**Data excerpts:**
◇ ◇ ◇ ◇ ◇ ◇ ◇

(* A step between two configurations is performed by exactly one transition,
   [step_trans]; a morphism sends it to the transition [tmap phi] of the image
   step, which has the same weight.  Hence images of computations are
   computations of the same weight.  Conversely, the determinism conditions of a
   covering say that every step of B lifts uniquely forward from a given lift of
   its source, so a computation of B lifts uniquely from the unique lift of its
   initial state; for an in-covering, steps lift uniquely backward and one lifts
   from the unique lift of the final state. *)

Section PathLift.
Variables (X Y : Type) (f : X -> Y) (e : rel X) (e' : rel Y).

Lemma path_lift :
  (forall x y', e' (f x) y' -> exists! y, e x y /\ f y = y') ->
  forall x s', path e' (f x) s' -> exists! s, path e x s /\ map f s = s'.
Proof.
move=> lift_step x s'; elim: s' x => [|y' s' IHs] x.
  by move=> _; exists [::]; split=> [|[|? ?] []].
case/andP=> exy' ps'; have [y [[exy fy] y_uniq]] := lift_step x y' exy'.
rewrite -fy in ps'; have [s [[ps fs] s_uniq]] := IHs y ps'.
exists (y :: s); split; first by rewrite /= exy ps fs fy.
move=> [|z t] [] //= /andP[exz pt] [fz ft].
have yz := y_uniq z (conj exz fz); rewrite -yz in pt.
by rewrite (s_uniq t (conj pt ft)) yz.
Qed.

End PathLift.

Lemma sorted_rcons_lift (X Y : Type) (f : X -> Y) (e : rel X) (e' : rel Y) :
  (forall y x', e' x' (f y) -> exists! x, e x y /\ f x = x') ->
  forall y s', sorted e' (rcons s' (f y)) ->
  exists! s, sorted e (rcons s y) /\ map f s = s'.
Proof.
(* Reversed, the chain is a path for the converse relations, lifted forward. *)
move=> lift_step y s'; rewrite -[rcons s' _]revK rev_sorted rev_rcons /=.
move=> /(path_lift (e := fun a b => e b a) (e' := fun a b => e' b a) lift_step).
move=> [s [[ps fs] s_uniq]].
exists (rev s); split.
  by rewrite -[rcons _ y]revK rev_rcons revK rev_sorted /= ps map_rev fs revK.
move=> t [pt ft]; rewrite -[t]revK; congr rev; apply: s_uniq.
split; last by rewrite map_rev ft.
by rewrite -[path _ _ _]/(sorted _ (y :: rev t)) -rev_rcons rev_sorted.
Qed.

Definition config_map (Q R : Type) (phi : Q -> R) (x : Q * nat) : R * nat :=
  (phi x.1, x.2).

Lemma comp_mapE (Q R : Type) (phi : Q -> R) c : comp_map phi c = map (config_map phi) c.
Proof. by []. Qed.

Lemma tmap_step_trans (Q R A : Type) (phi : Q -> R) (w : seq A) x y :
  tmap phi (step_trans w x y) = step_trans w (config_map phi x) (config_map phi y).
Proof. by []. Qed.
(* The share of one block in the one-step bound, with r = |e|^2, B = D_C, U = |u_C|^2 and
   D = |delta_C|^2 in the notation above. *)
Lemma block_contraction (a mu p tau nn sig r B U D : R) :
  0 < a -> 0 < p -> 0 < nn ->
  U * (a + sig * p) <= nn * p * tau * B ->
  D * (a - sig * p + sig * mu * a) <= 0 ->
  tau / nn * r - 2 * a * nn^-1 * (tau * (B + mu / 2 * r))
  + 2 * a ^+ 2 * (p * (nn * p)^-1 ^+ 2 * (U + D))
  + p * (2 * sig * a * (nn * p)^-1 ^+ 2) * (p * U + (1 - p) * D)
  <= (1 - mu * a) * (tau / nn * r + p * (2 * sig * a * (nn * p)^-1 ^+ 2) * D).
Proof.
move=> a_gt0 p_gt0 nn_gt0 hU hD; set K := (nn * p)^-1.
have pK2_gt0 : 0 < p * K ^+ 2 by rewrite mulr_gt0 ?exprn_gt0 ?invr_gt0 ?mulr_gt0.
have key : p * K ^+ 2 * (U * (a + sig * p) + D * (a - sig * p + sig * mu * a))
    <= tau / nn * B.
  have -> : tau / nn * B = p * K ^+ 2 * (nn * p * tau * B).
    by rewrite /K; field; rewrite !gt_eqF.
  by rewrite ler_pM2l //; lra.
rewrite -subr_ge0 (_ : _ - _ = 2 * a * (tau / nn * B
    - p * K ^+ 2 * (U * (a + sig * p) + D * (a - sig * p + sig * mu * a)))).
  by rewrite pmulr_rge0 ?mulr_gt0 // subr_ge0.
by rewrite /K; field; rewrite !gt_eqF.
Qed.

Lemma geometric_le_eps (q M eps : R) (k : nat) :
  0 < q <= 1 -> q^-1 <= M -> 0 < eps -> M * ln eps^-1 <= k%:R ->
  (1 - q) ^+ k <= eps.
Proof.
move=> /andP[q_gt0 q_le1] qM eps_gt0 hk.
have [eps_ge1|eps_lt1] := leP 1 eps.
  by apply: le_trans eps_ge1; rewrite exprn_ile1 //; lra.
have ln_ge0 : 0 <= ln eps^-1 by rewrite ln_ge0 // invf_ge1 // ltW.
have ln_le : ln eps^-1 <= k%:R * q.
  by rewrite -ler_pdivrMr // mulrC; apply: le_trans hk; apply: ler_wpM2r.
apply: (@le_trans _ _ (expR (- q) ^+ k)).
  by rewrite lerXn2r ?nnegrE ?expR_ge0 ?expR_ge1Dx //; lra.
rewrite -expRM_natl -[X in _ <= X](lnK eps_gt0) ler_expR.
by rewrite lnV ?posrE // in ln_le; lra.
Qed.

End Scalars.

Lemma big_tuple_cons (V : nmodType) (T : finType) (A : {set T}) k
    (F : k.+1.-tuple T -> V) :
  \sum_(s : k.+1.-tuple T | all (fun C => C \in A) s) F s =
  \sum_(C in A) \sum_(s : k.-tuple T | all (fun C => C \in A) s) F [tuple of C :: s].
Proof.
rewrite pair_big_dep /= (reindex (fun q : T * k.-tuple T => [tuple of q.1 :: q.2])) /=.
  by apply: eq_bigl => -[C s].
exists (fun t : k.+1.-tuple T => (thead t, [tuple of behead t])).
  by move=> [C s] _; congr (_, _); apply: val_inj.
by move=> t _; rewrite -tuple_eta.
Qed.

Section MinibatchSAGA.
Variables (R : realType) (d n tau : nat) (f : 'I_n -> 'rV[R]_d -> R)
  (grad : 'I_n -> 'rV[R]_d -> 'rV[R]_d) (xstar : 'rV[R]_d)
  (G : {set {set 'I_n}}) (p L : {set 'I_n} -> R) (mu alpha : R).
Notation vec := 'rV[R]_d.
Hypothesis grad_f : forall i, is_gradient (f i) (grad i).
Hypothesis xstar_min : forall x, fsum f xstar <= fsum f x.
Hypothesis G_partition : finset.partition G [set: 'I_n].
Hypothesis G_card : forall C, C \in G -> #|C| = tau.
Hypothesis p_gt0 : forall C, C \in G -> 0 < p C.
Hypothesis p_sum1 : \sum_(C in G) p C = 1.
Hypothesis mu_gt0 : 0 < mu.
Hypothesis fC_smooth : forall C, C \in G -> smooth_with (L C) (gradC grad C).
Hypothesis fC_strongly_convex :
  forall C, C \in G -> strongly_convex_with mu (fC f C) (gradC grad C).
Hypothesis alpha_gt0 : 0 < alpha.
Hypothesis alpha_le : forall C, C \in G -> alpha <= p C / (mu + 4 * L C * tau%:R / n%:R).

Lemma exists_block : exists C, C \in G.
Proof.
have [G0|[C CG]] := set_0Vmem G; last by exists C.
by move: p_sum1; rewrite G0 big_set0 => /eqP; rewrite eq_sym oner_eq0.
Qed.

Lemma block_neq0 C : C \in G -> C != finset.set0.
Proof. by case/and3P: G_partition => _ _ G0 CG; apply: contraNneq G0 => <-. Qed.

Lemma n_gt0 : 0 < n%:R :> R.
Proof.
have [C /block_neq0/set0Pn[i _]] := exists_block.
by rewrite ltr0n (leq_ltn_trans (leq0n i) (ltn_ord i)).
Qed.

Lemma tau_gt0 : 0 < tau%:R :> R.
Proof. by have [C CG] := exists_block; rewrite -(G_card CG) ltr0n card_gt0 block_neq0. Qed.

Lemma sum_block_size : \sum_(C in G) tau%:R = n%:R :> R.
Proof.
have := card_partition G_partition; rewrite cardsT card_ord => n_eq.
by rewrite [in RHS]n_eq natr_sum; apply: eq_bigr => C CG; rewrite G_card.
Qed.

Lemma sum_by_blocks (F : 'I_n -> vec) : \sum_(i < n) F i = \sum_(C in G) \sum_(i in C) F i.
Proof.
case/and3P: G_partition => /eqP G_cover G_triv _.
by rewrite -(finset.big_trivIset (E := F) G G_triv) G_cover; apply: eq_bigl => i; rewrite inE.
Qed.

Lemma block_disjoint C C' i : C \in G -> C' \in G -> C != C' -> i \in C -> i \notin C'.
Proof.
case/and3P: G_partition => _ /finset.trivIsetP G_triv _ CG C'G CC' iC.
by rewrite (disjointFr (G_triv C C' CG C'G CC') iC).
Qed.

Lemma sum_grad_xstar : \sum_(i < n) grad i xstar = 0.
Proof.
have fsumE : fsum f = n%:R^-1 *: \sum_(i < n) f i.
  by apply/funext => x; rewrite /fsum fct_sumE.
have grad_fsum : is_gradient (fsum f) (n%:R^-1 *: \sum_(i < n) grad i).
  by rewrite fsumE; apply/is_gradientZ/is_gradient_sum.
have /eqP := gradient_eq0_at_min grad_fsum xstar_min.
by rewrite /= fct_sumE scaler_eq0 invr_eq0 gt_eqF ?n_gt0 // => /eqP.
Qed.

Lemma is_gradient_fC C : is_gradient (fC f C) (gradC grad C).
Proof.
have -> : fC f C = #|C|%:R^-1 *: \sum_(i in C) f i by apply/funext => x; rewrite /fC fct_sumE.
have -> : gradC grad C = #|C|%:R^-1 *: \sum_(i in C) grad i.
  by apply/funext => x; rewrite /gradC /= fct_sumE.
exact/is_gradientZ/is_gradient_sum.
Qed.

Definition sigma C := n%:R / (4 * tau%:R * L C) : R.
Definition weight C := 2 * sigma C * alpha * (n%:R * p C)^-1 ^+ 2.
Definition jac_gap (J : Jac R d n) (C : {set 'I_n}) := \sum_(i in C) (J i - grad i xstar).
Definition grad_gap (x : vec) (C : {set 'I_n}) := \sum_(i in C) (grad i x - grad i xstar).
Definition bregman (x : vec) C :=
  fC f C x - fC f C xstar - dotv (gradC grad C xstar) (x - xstar).
Definition Psi_mean (st : vec * Jac R d n) := \sum_(C in G) p C * Psi grad p L tau alpha xstar C st.

Lemma Jmean_jac_gap J : Jmean J = n%:R^-1 *: \sum_(C in G) jac_gap J C.
Proof.
rewrite /Jmean /jac_gap -(sum_by_blocks (fun i => J i - grad i xstar)).
by rewrite sumrB sum_grad_xstar subr0.
Qed.

Lemma Jmean_sub_gradCJ J C :
  Jmean J - gradCJ grad p C J xstar = (n%:R * p C)^-1 *: jac_gap J C.
Proof.
rewrite /gradCJ opprD addrA subrr add0r -scalerN /jac_gap -sumrN.
by congr (_ *: _); apply: eq_bigr => i _; rewrite opprB.
Qed.

Lemma gradCJE J C x :
  gradCJ grad p C J x = Jmean J + (n%:R * p C)^-1 *: (grad_gap x C - jac_gap J C).
Proof.
rewrite /gradCJ /grad_gap /jac_gap -sumrB.
by congr (_ + _ *: _); apply: eq_bigr => i _; rewrite opprB addrA subrK.
Qed.

Lemma jac_gap_step x J C C' : C \in G -> C' \in G ->
  jac_gap (fun i => if i \in C' then grad i x else J i) C =
  if C == C' then grad_gap x C else jac_gap J C.
Proof.
move=> CG C'G; case: eqP => [->|/eqP CC']; first by apply: eq_bigr => i ->.
by apply: eq_bigr => i iC; rewrite (negbTE (block_disjoint CG C'G CC' iC)).
Qed.

Lemma grad_gapE x C : C \in G -> grad_gap x C = tau%:R *: (gradC grad C x - gradC grad C xstar).
Proof.
move=> CG; rewrite /gradC G_card // -scalerBr scalerA mulfV ?gt_eqF ?tau_gt0 //.
by rewrite scale1r /grad_gap sumrB.
Qed.

Lemma PsiE C x J : Psi grad p L tau alpha xstar C (x, J) =
  sqnorm (x - xstar) + weight C * sqnorm (jac_gap J C).
Proof. by rewrite /Psi /= Jmean_sub_gradCJ sqnormZ /weight !mulrA. Qed.

Lemma Psi_meanE x J :
  Psi_mean (x, J) = sqnorm (x - xstar) + \sum_(C in G) p C * weight C * sqnorm (jac_gap J C).
Proof.
rewrite /Psi_mean; under eq_bigr do rewrite PsiE mulrDr mulrA.
by rewrite big_split /= mean_cst.
Qed.

Lemma dotv_grad_gap_ge x C : C \in G ->
  tau%:R * (bregman x C + mu / 2 * sqnorm (x - xstar)) <= dotv (grad_gap x C) (x - xstar).
Proof.
move=> CG; rewrite grad_gapE // dotvZl; apply: ler_wpM2l; first exact: ler0n.
have := fC_strongly_convex CG xstar x; have := fC_strongly_convex CG x xstar.
by rewrite sqnormBC -opprB dotvNr dotvBl /bregman; lra.
Qed.

Lemma bregman_ge0 x C : C \in G -> 0 <= bregman x C.
Proof.
move=> CG; have := fC_strongly_convex CG xstar x.
by have := mulr_ge0 (ltW mu_gt0) (sqnorm_ge0 (x - xstar)); rewrite /bregman; lra.
Qed.

Lemma sqnorm_grad_gap_le x C : C \in G ->
  sqnorm (grad_gap x C) <= tau%:R ^+ 2 * (2 * L C * bregman x C).
Proof.
move=> CG; rewrite grad_gapE // sqnormZ; apply: ler_wpM2l; first exact: sqr_ge0.
apply: (smooth_convex_cocoercive (is_gradient_fC C) _ _ (fC_smooth CG)) => a b.
by have := fC_strongly_convex CG a b; have := mulr_ge0 (ltW mu_gt0) (sqnorm_ge0 (b - a)); lra.
Qed.

Lemma sigma_ge0 C : C \in G -> 0 <= sigma C.
Proof.
by move=> CG; have [L_ge0 _] := fC_smooth CG; rewrite divr_ge0 ?mulr_ge0 ?ler0n.
Qed.

Lemma grad_gap_coeff_le x C : C \in G ->
  sqnorm (grad_gap x C) * (alpha + sigma C * p C) <= n%:R * p C * tau%:R * bregman x C.
Proof.
move=> CG; have [L_ge0 _] := fC_smooth CG; have pC_gt0 := p_gt0 CG.
have sigma_le : sigma C * (4 * tau%:R * L C) <= n%:R.
  have [->|nz] := eqVneq (4 * tau%:R * L C) 0; first by rewrite mulr0 ler0n.
  by rewrite divfK.
have step_le : alpha * (4 * tau%:R * L C) <= n%:R * p C.
  have := alpha_le CG; rewrite ler_pdivlMr ?ltr_wpDr ?divr_ge0 ?mulr_ge0 ?ler0n //.
  have -> : alpha * (4 * tau%:R * L C) = alpha * (4 * L C * tau%:R / n%:R) * n%:R.
    by field; rewrite gt_eqF ?n_gt0.
  rewrite [n%:R * _]mulrC ler_pM2r ?n_gt0 // mulrDr.
  by have := mulr_ge0 (ltW alpha_gt0) (ltW mu_gt0); lra.
have coeff_le : 2 * tau%:R * L C * (alpha + sigma C * p C) <= n%:R * p C.
  by have := ler_wpM2r (ltW pC_gt0) sigma_le; nra.
have coeff_ge0 : 0 <= alpha + sigma C * p C.
  by apply: addr_ge0; [exact: ltW | apply: mulr_ge0; [exact: sigma_ge0 | exact: ltW]].
apply: le_trans (ler_wpM2r coeff_ge0 (sqnorm_grad_gap_le x CG)) _.
have := ler_wpM2l (mulr_ge0 (ler0n _ tau) (bregman_ge0 x CG)) coeff_le.
by rewrite expr2; lra.
Qed.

◇ ◇ ◇ ◇ ◇ ◇ ◇

**ACTIVITY:**
Set down, exactly as they stand above, the lines starting with the line with "by rewrite [in" and going on through the line with "have -> : gradC", and no others.

**OUTPUT:**
by rewrite [in RHS]n_eq natr_sum; apply: eq_bigr => C CG; rewrite G_card.
Qed.

Lemma sum_by_blocks (F : 'I_n -> vec) : \sum_(i < n) F i = \sum_(C in G) \sum_(i in C) F i.
Proof.
case/and3P: G_partition => /eqP G_cover G_triv _.
by rewrite -(finset.big_trivIset (E := F) G G_triv) G_cover; apply: eq_bigl => i; rewrite inE.
Qed.

Lemma block_disjoint C C' i : C \in G -> C' \in G -> C != C' -> i \in C -> i \notin C'.
Proof.
case/and3P: G_partition => _ /finset.trivIsetP G_triv _ CG C'G CC' iC.
by rewrite (disjointFr (G_triv C C' CG C'G CC') iC).
Qed.

Lemma sum_grad_xstar : \sum_(i < n) grad i xstar = 0.
Proof.
have fsumE : fsum f = n%:R^-1 *: \sum_(i < n) f i.
  by apply/funext => x; rewrite /fsum fct_sumE.
have grad_fsum : is_gradient (fsum f) (n%:R^-1 *: \sum_(i < n) grad i).
  by rewrite fsumE; apply/is_gradientZ/is_gradient_sum.
have /eqP := gradient_eq0_at_min grad_fsum xstar_min.
by rewrite /= fct_sumE scaler_eq0 invr_eq0 gt_eqF ?n_gt0 // => /eqP.
Qed.

Lemma is_gradient_fC C : is_gradient (fC f C) (gradC grad C).
Proof.
have -> : fC f C = #|C|%:R^-1 *: \sum_(i in C) f i by apply/funext => x; rewrite /fC fct_sumE.
have -> : gradC grad C = #|C|%:R^-1 *: \sum_(i in C) grad i.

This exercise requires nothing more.